··· RECORDS TO USE

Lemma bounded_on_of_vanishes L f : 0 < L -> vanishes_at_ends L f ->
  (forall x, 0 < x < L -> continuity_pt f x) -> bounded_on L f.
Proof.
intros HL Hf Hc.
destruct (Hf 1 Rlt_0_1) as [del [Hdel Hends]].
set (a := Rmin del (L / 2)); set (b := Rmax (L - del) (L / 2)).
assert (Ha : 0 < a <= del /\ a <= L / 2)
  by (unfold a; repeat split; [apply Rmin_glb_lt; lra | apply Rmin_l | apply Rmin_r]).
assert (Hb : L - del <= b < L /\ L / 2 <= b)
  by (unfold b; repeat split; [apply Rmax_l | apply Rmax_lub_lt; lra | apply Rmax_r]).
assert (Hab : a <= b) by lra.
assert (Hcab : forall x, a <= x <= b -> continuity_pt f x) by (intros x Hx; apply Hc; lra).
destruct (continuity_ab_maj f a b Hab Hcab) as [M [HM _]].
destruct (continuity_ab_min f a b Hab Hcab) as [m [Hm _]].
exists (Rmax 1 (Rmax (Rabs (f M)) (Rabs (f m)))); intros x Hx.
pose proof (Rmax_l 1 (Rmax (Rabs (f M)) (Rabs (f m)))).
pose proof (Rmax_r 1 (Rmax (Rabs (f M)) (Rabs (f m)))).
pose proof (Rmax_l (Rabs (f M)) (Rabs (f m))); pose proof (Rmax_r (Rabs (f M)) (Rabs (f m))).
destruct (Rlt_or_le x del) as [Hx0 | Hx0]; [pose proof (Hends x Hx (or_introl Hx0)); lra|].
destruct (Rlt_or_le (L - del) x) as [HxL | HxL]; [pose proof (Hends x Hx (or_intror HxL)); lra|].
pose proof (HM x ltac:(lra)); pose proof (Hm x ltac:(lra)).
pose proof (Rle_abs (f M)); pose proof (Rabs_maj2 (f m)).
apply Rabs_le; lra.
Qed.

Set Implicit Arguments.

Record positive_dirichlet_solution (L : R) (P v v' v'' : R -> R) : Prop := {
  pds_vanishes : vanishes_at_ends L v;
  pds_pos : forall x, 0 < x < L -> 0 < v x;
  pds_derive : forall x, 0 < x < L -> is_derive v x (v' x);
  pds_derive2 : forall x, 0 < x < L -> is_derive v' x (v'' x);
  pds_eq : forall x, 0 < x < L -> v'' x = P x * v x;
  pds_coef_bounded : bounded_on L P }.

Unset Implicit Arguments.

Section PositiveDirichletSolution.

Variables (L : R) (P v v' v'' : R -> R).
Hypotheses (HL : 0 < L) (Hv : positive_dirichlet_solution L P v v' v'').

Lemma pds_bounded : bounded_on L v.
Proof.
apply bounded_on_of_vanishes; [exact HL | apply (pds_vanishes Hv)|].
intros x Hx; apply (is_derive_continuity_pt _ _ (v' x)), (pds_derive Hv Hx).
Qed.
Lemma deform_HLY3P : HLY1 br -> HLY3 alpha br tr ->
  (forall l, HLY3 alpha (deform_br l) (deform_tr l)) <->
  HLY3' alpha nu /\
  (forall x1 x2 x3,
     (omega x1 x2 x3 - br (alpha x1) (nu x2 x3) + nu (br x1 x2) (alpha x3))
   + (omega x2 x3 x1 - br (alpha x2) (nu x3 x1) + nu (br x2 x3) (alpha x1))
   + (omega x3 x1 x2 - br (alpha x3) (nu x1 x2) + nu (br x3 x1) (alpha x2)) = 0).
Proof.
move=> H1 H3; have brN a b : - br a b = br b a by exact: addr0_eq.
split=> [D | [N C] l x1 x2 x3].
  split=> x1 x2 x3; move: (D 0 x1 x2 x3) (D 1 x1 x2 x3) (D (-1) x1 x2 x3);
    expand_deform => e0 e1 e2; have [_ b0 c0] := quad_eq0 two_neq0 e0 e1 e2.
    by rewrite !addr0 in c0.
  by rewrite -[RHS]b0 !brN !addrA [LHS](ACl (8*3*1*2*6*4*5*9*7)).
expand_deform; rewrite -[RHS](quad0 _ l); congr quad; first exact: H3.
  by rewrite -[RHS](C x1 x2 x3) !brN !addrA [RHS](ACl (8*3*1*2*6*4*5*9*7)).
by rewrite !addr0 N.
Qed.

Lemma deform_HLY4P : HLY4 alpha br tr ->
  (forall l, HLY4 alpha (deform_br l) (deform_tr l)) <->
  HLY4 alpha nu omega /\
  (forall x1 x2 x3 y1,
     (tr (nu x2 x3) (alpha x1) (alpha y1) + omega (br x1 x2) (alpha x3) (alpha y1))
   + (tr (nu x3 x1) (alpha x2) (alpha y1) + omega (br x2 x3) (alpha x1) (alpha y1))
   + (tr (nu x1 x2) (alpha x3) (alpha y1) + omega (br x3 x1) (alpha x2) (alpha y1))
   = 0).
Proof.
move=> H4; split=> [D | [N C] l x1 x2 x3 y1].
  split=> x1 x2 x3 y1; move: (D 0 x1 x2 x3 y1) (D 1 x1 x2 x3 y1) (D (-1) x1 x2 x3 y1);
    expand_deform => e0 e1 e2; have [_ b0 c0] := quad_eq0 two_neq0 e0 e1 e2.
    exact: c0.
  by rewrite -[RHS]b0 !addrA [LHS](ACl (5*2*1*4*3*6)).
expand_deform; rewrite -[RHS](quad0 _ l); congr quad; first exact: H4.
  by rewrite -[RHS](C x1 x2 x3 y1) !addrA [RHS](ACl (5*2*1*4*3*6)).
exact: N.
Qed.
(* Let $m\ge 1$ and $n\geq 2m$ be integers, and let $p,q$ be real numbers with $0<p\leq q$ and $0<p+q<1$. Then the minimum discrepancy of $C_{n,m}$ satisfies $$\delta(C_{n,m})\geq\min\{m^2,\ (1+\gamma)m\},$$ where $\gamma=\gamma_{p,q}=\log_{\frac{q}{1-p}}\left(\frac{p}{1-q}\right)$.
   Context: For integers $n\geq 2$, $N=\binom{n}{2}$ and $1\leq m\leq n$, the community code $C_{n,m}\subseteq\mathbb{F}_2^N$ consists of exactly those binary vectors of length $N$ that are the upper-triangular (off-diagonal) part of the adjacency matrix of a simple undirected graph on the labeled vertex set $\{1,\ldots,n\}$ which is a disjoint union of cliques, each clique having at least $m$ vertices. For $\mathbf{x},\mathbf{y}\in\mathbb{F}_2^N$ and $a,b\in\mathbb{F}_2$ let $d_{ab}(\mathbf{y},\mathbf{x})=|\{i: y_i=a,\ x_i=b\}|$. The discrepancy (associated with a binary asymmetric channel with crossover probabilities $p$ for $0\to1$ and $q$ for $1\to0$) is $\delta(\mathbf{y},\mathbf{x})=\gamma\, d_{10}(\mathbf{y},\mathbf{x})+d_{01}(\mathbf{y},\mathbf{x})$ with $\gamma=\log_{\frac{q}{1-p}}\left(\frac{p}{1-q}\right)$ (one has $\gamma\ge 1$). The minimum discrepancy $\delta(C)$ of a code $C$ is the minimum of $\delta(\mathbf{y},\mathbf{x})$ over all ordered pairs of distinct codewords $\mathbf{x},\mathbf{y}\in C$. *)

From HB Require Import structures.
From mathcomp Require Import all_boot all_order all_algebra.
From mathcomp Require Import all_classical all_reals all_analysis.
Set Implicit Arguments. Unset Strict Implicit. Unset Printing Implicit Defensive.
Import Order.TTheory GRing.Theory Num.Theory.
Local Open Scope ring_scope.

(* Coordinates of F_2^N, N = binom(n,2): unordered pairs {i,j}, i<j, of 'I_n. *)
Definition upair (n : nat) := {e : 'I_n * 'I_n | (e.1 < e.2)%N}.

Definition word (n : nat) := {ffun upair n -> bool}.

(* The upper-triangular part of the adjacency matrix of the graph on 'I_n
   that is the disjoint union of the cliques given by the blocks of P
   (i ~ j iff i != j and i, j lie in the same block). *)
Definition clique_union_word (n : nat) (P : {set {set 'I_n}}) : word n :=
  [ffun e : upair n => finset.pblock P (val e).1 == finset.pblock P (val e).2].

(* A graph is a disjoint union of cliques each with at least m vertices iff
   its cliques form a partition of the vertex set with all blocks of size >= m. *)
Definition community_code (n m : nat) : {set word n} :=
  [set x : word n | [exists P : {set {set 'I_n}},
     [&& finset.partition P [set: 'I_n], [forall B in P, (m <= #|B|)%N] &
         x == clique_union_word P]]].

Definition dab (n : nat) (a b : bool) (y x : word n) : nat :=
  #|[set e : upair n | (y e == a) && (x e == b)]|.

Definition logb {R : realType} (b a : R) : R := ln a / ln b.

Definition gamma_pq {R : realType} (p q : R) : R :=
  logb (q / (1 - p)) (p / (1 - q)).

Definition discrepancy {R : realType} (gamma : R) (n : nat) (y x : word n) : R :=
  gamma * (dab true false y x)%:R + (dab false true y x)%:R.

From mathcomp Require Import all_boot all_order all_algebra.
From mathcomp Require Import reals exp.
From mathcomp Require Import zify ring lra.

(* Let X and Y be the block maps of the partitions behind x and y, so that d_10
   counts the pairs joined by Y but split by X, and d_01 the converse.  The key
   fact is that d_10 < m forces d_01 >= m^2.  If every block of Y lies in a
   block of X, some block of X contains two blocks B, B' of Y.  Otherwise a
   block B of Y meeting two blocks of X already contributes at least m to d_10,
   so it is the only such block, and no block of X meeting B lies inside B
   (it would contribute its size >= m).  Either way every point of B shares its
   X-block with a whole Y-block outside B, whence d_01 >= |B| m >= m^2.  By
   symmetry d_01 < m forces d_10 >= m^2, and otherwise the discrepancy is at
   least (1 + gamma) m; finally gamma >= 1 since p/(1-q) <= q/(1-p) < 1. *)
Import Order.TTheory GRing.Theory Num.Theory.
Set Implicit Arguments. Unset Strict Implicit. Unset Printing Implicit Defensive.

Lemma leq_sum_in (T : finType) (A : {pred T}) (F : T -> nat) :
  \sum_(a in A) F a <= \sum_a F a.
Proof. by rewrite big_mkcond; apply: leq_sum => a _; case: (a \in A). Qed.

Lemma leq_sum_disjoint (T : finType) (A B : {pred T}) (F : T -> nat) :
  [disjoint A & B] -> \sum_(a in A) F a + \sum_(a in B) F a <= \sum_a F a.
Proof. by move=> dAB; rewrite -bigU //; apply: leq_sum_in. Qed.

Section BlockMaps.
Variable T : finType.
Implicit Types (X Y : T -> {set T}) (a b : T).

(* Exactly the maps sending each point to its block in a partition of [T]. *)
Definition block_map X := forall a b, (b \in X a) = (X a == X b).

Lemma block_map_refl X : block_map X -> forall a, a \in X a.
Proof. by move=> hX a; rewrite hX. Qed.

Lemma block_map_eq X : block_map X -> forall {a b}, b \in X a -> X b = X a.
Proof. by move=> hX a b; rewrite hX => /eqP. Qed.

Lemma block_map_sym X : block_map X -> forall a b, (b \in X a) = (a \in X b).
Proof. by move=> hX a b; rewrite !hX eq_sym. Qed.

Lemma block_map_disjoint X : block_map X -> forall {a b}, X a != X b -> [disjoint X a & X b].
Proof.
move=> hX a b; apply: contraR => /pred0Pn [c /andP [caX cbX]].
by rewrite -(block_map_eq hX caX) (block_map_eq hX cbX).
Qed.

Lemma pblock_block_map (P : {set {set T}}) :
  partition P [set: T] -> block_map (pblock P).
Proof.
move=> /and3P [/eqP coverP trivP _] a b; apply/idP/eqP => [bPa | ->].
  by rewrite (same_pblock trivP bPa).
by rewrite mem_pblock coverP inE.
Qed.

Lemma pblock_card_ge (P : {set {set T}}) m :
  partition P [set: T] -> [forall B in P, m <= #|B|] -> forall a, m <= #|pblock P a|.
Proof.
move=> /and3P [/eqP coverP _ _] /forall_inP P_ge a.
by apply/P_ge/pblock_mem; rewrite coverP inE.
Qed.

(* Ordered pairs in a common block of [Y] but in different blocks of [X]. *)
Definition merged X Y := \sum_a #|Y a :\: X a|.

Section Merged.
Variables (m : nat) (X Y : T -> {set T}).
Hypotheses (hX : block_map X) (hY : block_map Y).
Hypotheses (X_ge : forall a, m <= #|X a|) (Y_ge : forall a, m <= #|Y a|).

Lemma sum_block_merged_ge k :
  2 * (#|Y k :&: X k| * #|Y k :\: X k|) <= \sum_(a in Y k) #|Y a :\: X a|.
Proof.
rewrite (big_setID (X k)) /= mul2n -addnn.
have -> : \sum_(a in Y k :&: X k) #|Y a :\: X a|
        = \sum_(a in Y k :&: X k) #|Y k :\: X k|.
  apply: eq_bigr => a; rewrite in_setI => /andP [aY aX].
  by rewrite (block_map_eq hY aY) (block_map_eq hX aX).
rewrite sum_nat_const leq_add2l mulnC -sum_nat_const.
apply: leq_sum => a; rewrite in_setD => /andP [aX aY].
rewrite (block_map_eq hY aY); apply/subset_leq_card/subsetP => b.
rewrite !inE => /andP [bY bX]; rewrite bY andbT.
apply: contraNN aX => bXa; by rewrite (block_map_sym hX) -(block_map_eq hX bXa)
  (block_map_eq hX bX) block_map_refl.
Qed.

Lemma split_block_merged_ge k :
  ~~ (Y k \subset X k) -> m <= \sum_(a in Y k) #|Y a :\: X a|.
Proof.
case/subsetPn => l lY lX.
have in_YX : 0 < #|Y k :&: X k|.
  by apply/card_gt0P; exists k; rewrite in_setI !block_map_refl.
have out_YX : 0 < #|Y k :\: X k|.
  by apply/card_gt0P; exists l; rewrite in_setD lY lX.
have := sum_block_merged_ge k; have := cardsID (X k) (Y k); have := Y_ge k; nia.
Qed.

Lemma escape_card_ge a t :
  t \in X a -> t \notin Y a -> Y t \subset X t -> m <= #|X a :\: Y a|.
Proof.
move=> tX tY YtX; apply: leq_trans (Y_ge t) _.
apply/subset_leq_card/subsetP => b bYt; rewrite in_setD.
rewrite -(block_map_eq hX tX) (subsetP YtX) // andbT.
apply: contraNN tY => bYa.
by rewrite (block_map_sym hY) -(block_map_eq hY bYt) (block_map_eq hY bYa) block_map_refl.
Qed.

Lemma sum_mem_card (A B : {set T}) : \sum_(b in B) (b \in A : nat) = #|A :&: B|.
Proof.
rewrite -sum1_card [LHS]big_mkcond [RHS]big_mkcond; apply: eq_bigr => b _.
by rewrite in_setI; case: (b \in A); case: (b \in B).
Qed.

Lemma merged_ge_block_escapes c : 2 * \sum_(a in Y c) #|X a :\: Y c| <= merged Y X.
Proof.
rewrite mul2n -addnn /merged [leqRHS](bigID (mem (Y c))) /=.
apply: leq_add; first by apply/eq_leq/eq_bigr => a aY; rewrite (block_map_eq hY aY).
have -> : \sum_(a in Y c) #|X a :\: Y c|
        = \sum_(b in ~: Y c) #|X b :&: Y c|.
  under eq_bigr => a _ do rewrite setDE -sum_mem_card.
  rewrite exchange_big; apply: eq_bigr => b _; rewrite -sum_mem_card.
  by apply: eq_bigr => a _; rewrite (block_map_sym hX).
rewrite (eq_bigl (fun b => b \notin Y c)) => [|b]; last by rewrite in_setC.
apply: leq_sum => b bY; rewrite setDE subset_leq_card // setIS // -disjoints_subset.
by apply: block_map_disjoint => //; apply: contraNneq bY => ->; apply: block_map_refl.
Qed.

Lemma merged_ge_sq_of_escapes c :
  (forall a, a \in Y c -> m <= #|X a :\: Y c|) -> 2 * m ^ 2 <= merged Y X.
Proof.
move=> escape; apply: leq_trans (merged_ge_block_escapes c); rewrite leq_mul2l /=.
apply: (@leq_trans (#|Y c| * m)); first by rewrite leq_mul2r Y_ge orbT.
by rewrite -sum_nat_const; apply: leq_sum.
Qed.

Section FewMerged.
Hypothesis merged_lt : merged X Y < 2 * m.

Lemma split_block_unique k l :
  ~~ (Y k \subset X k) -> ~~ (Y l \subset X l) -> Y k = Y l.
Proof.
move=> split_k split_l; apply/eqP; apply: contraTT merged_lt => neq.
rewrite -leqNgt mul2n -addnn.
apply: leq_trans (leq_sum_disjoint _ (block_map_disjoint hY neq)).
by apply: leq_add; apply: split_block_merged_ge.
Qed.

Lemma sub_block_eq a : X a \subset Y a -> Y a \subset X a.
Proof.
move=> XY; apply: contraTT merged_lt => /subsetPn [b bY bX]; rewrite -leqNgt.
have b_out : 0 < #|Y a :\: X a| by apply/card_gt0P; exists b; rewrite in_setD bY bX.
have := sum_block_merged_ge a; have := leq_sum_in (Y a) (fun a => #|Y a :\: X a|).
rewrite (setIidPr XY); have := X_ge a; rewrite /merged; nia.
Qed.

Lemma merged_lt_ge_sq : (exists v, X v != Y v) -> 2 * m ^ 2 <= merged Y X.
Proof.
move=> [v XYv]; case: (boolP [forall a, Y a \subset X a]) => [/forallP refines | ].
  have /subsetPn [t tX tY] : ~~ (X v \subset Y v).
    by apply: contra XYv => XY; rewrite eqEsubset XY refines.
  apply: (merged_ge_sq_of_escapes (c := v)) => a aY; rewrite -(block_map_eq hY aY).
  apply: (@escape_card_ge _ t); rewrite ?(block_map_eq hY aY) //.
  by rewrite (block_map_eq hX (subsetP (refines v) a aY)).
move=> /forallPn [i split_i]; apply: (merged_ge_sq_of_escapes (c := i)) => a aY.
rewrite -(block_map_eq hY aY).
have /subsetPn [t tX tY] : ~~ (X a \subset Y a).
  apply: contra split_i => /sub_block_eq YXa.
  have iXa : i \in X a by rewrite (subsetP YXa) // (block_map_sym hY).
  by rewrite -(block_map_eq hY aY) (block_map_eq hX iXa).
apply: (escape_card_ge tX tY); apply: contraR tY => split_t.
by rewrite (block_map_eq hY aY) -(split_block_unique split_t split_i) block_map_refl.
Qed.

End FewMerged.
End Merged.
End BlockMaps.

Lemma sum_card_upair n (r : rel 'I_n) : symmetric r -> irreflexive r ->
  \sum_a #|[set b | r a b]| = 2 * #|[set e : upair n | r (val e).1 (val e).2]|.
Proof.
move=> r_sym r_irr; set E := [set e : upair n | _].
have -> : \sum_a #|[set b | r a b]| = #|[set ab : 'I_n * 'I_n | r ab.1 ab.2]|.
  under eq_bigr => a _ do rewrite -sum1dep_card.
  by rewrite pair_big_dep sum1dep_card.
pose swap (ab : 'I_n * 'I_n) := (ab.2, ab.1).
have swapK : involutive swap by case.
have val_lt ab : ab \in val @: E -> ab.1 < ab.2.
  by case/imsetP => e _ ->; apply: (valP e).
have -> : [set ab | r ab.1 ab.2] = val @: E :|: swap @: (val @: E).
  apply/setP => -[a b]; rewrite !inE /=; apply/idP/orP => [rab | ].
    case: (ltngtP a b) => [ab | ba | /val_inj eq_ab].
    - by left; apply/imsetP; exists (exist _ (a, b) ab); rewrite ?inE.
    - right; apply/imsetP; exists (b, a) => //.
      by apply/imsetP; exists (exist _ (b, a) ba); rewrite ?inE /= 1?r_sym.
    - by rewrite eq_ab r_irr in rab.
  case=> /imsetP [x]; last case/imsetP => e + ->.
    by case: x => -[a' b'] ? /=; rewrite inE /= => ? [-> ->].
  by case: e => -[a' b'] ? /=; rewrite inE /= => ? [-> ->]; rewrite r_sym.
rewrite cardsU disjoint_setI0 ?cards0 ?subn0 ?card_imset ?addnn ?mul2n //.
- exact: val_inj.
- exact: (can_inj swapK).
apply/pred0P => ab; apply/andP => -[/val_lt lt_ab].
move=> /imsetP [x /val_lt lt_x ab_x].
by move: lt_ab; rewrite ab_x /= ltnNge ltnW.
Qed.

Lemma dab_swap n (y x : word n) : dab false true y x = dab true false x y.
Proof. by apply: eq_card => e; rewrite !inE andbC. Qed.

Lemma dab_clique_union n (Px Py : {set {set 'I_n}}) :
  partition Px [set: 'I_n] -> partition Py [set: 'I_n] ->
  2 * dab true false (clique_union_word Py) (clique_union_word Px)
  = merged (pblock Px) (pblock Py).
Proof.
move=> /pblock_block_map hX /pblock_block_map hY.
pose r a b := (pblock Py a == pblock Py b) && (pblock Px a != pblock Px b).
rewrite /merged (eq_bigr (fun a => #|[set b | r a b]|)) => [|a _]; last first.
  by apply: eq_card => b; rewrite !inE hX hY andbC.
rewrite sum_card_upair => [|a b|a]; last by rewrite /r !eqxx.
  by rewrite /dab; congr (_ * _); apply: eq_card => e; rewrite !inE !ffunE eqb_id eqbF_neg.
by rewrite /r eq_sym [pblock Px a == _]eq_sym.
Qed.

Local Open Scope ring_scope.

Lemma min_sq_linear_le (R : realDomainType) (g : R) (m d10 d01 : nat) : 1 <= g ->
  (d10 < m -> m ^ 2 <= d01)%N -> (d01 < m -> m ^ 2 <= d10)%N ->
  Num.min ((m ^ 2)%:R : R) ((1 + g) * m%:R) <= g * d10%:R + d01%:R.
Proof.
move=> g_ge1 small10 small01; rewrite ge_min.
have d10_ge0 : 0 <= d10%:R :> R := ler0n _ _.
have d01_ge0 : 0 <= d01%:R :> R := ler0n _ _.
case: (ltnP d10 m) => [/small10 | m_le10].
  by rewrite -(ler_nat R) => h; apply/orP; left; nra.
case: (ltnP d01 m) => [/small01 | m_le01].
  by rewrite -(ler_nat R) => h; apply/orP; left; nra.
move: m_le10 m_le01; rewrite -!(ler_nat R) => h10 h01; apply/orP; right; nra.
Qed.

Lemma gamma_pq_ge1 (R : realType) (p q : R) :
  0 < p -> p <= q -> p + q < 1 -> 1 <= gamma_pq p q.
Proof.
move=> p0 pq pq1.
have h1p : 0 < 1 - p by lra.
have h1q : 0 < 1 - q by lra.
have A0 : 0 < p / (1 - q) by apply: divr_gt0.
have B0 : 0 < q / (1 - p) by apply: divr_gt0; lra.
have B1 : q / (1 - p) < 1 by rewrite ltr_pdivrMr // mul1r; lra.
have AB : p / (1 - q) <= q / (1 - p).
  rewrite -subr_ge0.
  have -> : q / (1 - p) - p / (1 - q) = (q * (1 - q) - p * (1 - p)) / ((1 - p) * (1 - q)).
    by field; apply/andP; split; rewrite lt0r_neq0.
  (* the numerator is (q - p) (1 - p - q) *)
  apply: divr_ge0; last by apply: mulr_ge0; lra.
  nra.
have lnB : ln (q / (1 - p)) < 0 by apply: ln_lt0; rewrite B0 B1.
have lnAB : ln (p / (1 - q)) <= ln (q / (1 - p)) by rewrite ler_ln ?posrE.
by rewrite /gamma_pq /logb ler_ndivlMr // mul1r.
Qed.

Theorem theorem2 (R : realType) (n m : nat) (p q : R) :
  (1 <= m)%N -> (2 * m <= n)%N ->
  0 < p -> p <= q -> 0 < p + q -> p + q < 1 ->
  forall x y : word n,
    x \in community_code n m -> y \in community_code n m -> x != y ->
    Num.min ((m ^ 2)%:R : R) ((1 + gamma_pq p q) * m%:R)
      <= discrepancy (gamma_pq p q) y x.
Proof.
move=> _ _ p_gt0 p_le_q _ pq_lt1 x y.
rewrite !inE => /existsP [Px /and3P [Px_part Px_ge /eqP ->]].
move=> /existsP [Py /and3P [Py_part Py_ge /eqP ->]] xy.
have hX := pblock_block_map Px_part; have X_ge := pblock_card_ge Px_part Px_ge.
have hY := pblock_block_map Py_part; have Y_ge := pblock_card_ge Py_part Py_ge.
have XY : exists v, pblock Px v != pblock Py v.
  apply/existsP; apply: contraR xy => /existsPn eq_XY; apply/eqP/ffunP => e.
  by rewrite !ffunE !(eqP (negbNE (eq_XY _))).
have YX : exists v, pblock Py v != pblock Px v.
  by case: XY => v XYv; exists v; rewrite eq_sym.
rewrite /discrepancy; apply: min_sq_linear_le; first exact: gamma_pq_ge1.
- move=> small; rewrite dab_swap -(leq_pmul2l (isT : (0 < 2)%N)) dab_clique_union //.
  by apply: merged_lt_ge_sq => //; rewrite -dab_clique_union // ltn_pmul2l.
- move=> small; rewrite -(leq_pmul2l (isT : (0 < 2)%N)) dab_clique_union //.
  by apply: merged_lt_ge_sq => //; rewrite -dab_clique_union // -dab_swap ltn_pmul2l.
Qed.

······

> PROBLEM TO SOLVE
Output exactly the leading lines of the data, up to and including the line marked by "destruct (Rlt_or_le x".

> ANSWER FOR THE TASK
Lemma bounded_on_of_vanishes L f : 0 < L -> vanishes_at_ends L f ->
  (forall x, 0 < x < L -> continuity_pt f x) -> bounded_on L f.
Proof.
intros HL Hf Hc.
destruct (Hf 1 Rlt_0_1) as [del [Hdel Hends]].
set (a := Rmin del (L / 2)); set (b := Rmax (L - del) (L / 2)).
assert (Ha : 0 < a <= del /\ a <= L / 2)
  by (unfold a; repeat split; [apply Rmin_glb_lt; lra | apply Rmin_l | apply Rmin_r]).
assert (Hb : L - del <= b < L /\ L / 2 <= b)
  by (unfold b; repeat split; [apply Rmax_l | apply Rmax_lub_lt; lra | apply Rmax_r]).
assert (Hab : a <= b) by lra.
assert (Hcab : forall x, a <= x <= b -> continuity_pt f x) by (intros x Hx; apply Hc; lra).
destruct (continuity_ab_maj f a b Hab Hcab) as [M [HM _]].
destruct (continuity_ab_min f a b Hab Hcab) as [m [Hm _]].
exists (Rmax 1 (Rmax (Rabs (f M)) (Rabs (f m)))); intros x Hx.
pose proof (Rmax_l 1 (Rmax (Rabs (f M)) (Rabs (f m)))).
pose proof (Rmax_r 1 (Rmax (Rabs (f M)) (Rabs (f m)))).
pose proof (Rmax_l (Rabs (f M)) (Rabs (f m))); pose proof (Rmax_r (Rabs (f M)) (Rabs (f m))).
destruct (Rlt_or_le x del) as [Hx0 | Hx0]; [pose proof (Hends x Hx (or_introl Hx0)); lra|].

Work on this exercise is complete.